Asian markets were mixed. The Nikkei in Tokyo closed 0.26% higher while Hong Kong’s Hang Seng was 1.7% lower.

There is relief that western missile strikes on Syria on Friday did not prompt a response from Russia, Syria’s main ally, although traders will be watching cautiously for any signs of escalation of the conflict.

Oil prices are slipping, with Brent crude in London down 1% to $71.83 a barrel while US crude is 0.9% lower at $66.79 a barrel.

Michael Hewson, chief market analyst at CMC Markets UK, says:

One of the main concerns last week was around the extent of the response by the US backed coalition on president Assad of Syria’s forces and any Russian reaction to it. The firing of over 100 cruise missiles over the weekend on various targets, with little in the way of casualties, appears to be tempered with relief that while it may reduce the risk of an escalation in the short term, it in no way means that we might not get a counter response further down the line. As such markets here in Europe look set to open cautiously higher this morning after shares traded slightly firmer in Asia.

The US also appears to be complementing its military approach by focusing on the additional sanctions route, after UN ambassador Nikki Haley announced that further sanctions were being discussed on Russian companies who have dealings with Assad and the use of chemical weapons, with details likely to be announced by US Treasury Secretary Steve Mnuchin later today.

Geopolitical developments and corporate earnings remain the main focus, in the absence of major economic news apart from US retail sales data for March, out at 13:30 BST.

In the UK, we will get the latest labour market stats tomorrow, followed by inflation on Wednesday and retail sales on Thursday, but today the calendar is barren.
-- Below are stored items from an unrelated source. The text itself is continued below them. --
Lemma pushout_cokernel (X Y Z P W : A) (f : hom Z X) (g : hom Z Y) (p : hom X P)
    (q : hom Y P) (p1 : hom W X) (p2 : hom W Y) i1 i2 :
  is_biproduct p1 p2 i1 i2 -> is_pushout f g p q ->
  is_cokernel (i1 ⊙ f - i2 ⊙ g) (p ⊙ p1 + q ⊙ p2).
Proof.
move=> B [C U M]; split; first by comp_simpl; biprod_simpl B; rewrite C; zmod_solve.
move=> T u du.
have du' : u ⊙ i1 ⊙ f = u ⊙ i2 ⊙ g by apply: subr0_eq; rewrite -du; comp_solve.
have [h [h1 h2]] := U _ _ _ du'.
have kh : h ⊙ (p ⊙ p1 + q ⊙ p2) = u.
  by apply: (biprod_eq_inj B); comp_simpl; rewrite ?h1 ?h2; biprod_simpl B; rewrite ?h1 ?h2.
exists h; split => // h' E; apply: M.
  by have := congr1 (fun t => t ⊙ i1) E; rewrite -kh; comp_simpl; biprod_simpl B.
by have := congr1 (fun t => t ⊙ i2) E; rewrite -kh; comp_simpl; biprod_simpl B.
Qed.

Lemma pullback_exists (X Y Z : A) (f : hom X Z) (g : hom Y Z) :
  exists P (p : hom P X) (q : hom P Y), is_pullback f g p q.
Proof.
have [W [p1 [p2 [i1 [i2 B]]]]] := biprod_exists X Y.
have [P [k kk]] := kernel_exists (f ⊙ p1 - g ⊙ p2).
exists P, (p1 ⊙ k), (p2 ⊙ k); split.
- by apply: subr0_eq; rewrite -(proj1 kk); comp_solve.
- move=> T u v E.
  have [h hE] : exists h, k ⊙ h = i1 ⊙ u + i2 ⊙ v.
    by apply: (kernel_factor kk); comp_simpl; biprod_simpl B; rewrite E; zmod_solve.
  by exists h; rewrite -!compA hE; split; comp_simpl; biprod_simpl B.
- move=> T h h' E1 E2; apply: (kernel_mono kk); apply: (biprod_eq_proj B).
    by rewrite !compA.
  by rewrite !compA.
Qed.

Lemma pushout_exists (X Y Z : A) (f : hom Z X) (g : hom Z Y) :
  exists P (p : hom X P) (q : hom Y P), is_pushout f g p q.
Proof.
have [W [p1 [p2 [i1 [i2 B]]]]] := biprod_exists X Y.
have [P [c cc]] := cokernel_exists (i1 ⊙ f - i2 ⊙ g).
exists P, (c ⊙ i1), (c ⊙ i2); split.
- by apply: subr0_eq; rewrite -(proj1 cc); comp_solve.
- move=> T u v E.
  have [h hE] : exists h, h ⊙ c = u ⊙ p1 + v ⊙ p2.
    by apply: (cokernel_factor cc); comp_simpl; biprod_simpl B; rewrite E; zmod_solve.
  by exists h; rewrite !compA hE; split; comp_simpl; biprod_simpl B.
- move=> T h h' E1 E2; apply: (cokernel_epi cc); apply: (biprod_eq_inj B).
    by rewrite -!compA.
  by rewrite -!compA.
Qed.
The International Monetary Fund holds its spring meetings of central bankers and finance ministers in Washington this week.

The main corporate news at the weekend was the resignation of WPP boss Sir Martin Sorrell. He is leaving the advertising group he founded more than three decades ago ahead of the findings of an investigation into alleged personal misconduct. He is in line for almost £20m in payouts. His departure is seen as paving the way for a breakup of WPP.